ACTION ITEM:
Within the material below, transcribe exactly the lines from the one holding "Definition lemx (R" through the one holding "O1) (ursubmx O2).", keeping both ends and skipping the rest.
<<<<
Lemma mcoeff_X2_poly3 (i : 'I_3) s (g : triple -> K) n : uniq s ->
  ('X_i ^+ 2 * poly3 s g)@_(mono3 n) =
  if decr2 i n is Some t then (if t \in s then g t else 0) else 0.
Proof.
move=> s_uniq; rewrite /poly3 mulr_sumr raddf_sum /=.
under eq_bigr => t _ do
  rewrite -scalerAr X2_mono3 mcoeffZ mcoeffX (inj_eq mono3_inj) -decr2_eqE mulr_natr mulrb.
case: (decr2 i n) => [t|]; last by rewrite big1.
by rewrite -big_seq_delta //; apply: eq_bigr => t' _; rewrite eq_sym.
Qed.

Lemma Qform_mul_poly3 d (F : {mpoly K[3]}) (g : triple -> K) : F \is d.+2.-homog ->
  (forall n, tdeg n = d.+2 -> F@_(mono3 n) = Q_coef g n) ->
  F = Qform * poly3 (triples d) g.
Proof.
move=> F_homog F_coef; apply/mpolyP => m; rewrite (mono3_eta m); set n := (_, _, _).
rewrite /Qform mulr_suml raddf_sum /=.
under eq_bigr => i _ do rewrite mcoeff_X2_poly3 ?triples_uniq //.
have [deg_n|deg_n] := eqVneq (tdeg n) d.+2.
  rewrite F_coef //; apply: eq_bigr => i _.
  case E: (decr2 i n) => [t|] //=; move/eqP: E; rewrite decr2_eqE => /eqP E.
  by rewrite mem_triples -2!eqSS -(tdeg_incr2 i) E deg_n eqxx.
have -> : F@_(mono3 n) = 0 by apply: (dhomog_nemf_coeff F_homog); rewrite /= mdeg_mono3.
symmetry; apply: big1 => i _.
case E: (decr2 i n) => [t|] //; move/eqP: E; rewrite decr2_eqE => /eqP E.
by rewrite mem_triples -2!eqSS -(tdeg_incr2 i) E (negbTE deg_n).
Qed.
>>>>
<<<<
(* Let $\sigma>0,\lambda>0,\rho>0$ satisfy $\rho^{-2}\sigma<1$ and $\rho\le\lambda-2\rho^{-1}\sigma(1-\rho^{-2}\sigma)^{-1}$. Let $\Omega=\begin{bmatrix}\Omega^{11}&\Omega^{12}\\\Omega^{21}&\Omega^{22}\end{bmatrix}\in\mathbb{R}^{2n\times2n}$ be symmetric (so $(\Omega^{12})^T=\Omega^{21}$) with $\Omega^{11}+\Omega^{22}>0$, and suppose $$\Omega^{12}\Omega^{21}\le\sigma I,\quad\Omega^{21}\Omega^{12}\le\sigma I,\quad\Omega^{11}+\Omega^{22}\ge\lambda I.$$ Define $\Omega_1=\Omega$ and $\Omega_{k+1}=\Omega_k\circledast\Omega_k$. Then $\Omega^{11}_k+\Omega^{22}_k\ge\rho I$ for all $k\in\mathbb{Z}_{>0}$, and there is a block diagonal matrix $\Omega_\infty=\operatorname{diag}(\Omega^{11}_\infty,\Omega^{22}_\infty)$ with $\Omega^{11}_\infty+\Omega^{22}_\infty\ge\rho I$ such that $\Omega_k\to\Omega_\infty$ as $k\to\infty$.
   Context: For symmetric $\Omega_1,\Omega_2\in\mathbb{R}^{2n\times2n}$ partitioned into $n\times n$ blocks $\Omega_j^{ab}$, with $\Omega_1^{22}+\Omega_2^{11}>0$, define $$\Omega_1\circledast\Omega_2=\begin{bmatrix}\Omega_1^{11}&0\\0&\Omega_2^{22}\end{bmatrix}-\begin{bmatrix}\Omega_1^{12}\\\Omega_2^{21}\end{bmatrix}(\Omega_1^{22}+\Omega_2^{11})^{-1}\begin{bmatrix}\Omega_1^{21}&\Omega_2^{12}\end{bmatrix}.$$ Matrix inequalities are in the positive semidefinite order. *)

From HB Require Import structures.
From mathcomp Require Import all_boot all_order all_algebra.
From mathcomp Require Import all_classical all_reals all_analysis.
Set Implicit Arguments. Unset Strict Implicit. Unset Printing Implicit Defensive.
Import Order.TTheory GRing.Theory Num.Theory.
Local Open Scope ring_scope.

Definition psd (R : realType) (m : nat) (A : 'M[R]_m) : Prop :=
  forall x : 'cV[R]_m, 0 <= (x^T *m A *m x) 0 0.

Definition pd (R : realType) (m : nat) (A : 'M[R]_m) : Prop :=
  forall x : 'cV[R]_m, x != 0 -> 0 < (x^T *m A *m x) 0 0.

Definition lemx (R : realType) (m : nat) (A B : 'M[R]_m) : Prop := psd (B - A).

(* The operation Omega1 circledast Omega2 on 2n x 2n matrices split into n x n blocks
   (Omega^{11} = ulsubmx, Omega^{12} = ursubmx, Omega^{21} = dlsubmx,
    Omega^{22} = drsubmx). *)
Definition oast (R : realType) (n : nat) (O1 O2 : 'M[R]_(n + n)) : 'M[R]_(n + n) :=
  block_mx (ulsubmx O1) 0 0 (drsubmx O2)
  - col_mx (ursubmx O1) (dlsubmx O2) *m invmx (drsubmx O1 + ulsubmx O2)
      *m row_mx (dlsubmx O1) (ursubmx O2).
>>>>
<<<<
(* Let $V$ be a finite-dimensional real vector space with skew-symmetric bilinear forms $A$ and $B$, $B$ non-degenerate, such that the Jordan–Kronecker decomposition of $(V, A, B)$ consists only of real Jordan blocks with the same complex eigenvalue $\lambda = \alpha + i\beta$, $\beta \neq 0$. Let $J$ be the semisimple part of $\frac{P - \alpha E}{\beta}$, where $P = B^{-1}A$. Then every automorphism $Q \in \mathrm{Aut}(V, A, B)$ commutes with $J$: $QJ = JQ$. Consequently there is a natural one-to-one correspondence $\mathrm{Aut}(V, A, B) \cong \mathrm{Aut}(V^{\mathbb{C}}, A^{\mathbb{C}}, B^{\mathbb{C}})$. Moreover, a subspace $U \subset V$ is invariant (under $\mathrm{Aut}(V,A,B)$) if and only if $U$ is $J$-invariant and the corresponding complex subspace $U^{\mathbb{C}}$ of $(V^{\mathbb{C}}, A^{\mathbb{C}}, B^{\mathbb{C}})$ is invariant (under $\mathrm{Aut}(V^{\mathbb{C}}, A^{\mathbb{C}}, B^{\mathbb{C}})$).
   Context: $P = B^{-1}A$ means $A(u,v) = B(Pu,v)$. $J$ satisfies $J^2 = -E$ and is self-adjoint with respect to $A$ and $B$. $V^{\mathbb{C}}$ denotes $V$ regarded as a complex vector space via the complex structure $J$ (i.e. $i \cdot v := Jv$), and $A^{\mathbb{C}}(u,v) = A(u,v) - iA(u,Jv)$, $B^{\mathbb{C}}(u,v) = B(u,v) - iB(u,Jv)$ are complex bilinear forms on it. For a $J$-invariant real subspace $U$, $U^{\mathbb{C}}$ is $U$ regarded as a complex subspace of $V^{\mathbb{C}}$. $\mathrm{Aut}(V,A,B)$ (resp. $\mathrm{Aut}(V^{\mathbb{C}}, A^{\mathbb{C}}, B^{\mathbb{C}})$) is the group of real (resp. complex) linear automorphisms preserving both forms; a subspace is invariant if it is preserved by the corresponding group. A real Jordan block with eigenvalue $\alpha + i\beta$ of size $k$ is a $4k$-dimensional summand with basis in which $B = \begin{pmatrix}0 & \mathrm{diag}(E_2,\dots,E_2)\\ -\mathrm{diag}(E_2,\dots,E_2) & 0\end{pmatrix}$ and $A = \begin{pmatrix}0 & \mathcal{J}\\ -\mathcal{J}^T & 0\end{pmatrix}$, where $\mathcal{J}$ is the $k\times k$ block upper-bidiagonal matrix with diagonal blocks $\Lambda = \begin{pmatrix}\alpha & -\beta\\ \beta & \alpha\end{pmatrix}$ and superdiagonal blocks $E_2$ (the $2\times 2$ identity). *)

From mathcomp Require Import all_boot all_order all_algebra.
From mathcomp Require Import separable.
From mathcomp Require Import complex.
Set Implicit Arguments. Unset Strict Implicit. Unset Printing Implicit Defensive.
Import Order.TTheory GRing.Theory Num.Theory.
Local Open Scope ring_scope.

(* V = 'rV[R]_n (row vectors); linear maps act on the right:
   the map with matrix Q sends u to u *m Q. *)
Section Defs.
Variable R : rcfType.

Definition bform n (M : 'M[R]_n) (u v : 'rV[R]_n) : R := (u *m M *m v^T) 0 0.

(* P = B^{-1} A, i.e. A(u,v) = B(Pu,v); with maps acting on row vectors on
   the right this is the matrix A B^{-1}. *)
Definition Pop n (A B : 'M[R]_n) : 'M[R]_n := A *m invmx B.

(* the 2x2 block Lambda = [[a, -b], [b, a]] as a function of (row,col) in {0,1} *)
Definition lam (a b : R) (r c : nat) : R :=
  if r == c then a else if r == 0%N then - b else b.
>>>>
EXERCISE RESULT:
Definition lemx (R : realType) (m : nat) (A B : 'M[R]_m) : Prop := psd (B - A).

(* The operation Omega1 circledast Omega2 on 2n x 2n matrices split into n x n blocks
   (Omega^{11} = ulsubmx, Omega^{12} = ursubmx, Omega^{21} = dlsubmx,
    Omega^{22} = drsubmx). *)
Definition oast (R : realType) (n : nat) (O1 O2 : 'M[R]_(n + n)) : 'M[R]_(n + n) :=
  block_mx (ulsubmx O1) 0 0 (drsubmx O2)
  - col_mx (ursubmx O1) (dlsubmx O2) *m invmx (drsubmx O1 + ulsubmx O2)
      *m row_mx (dlsubmx O1) (ursubmx O2).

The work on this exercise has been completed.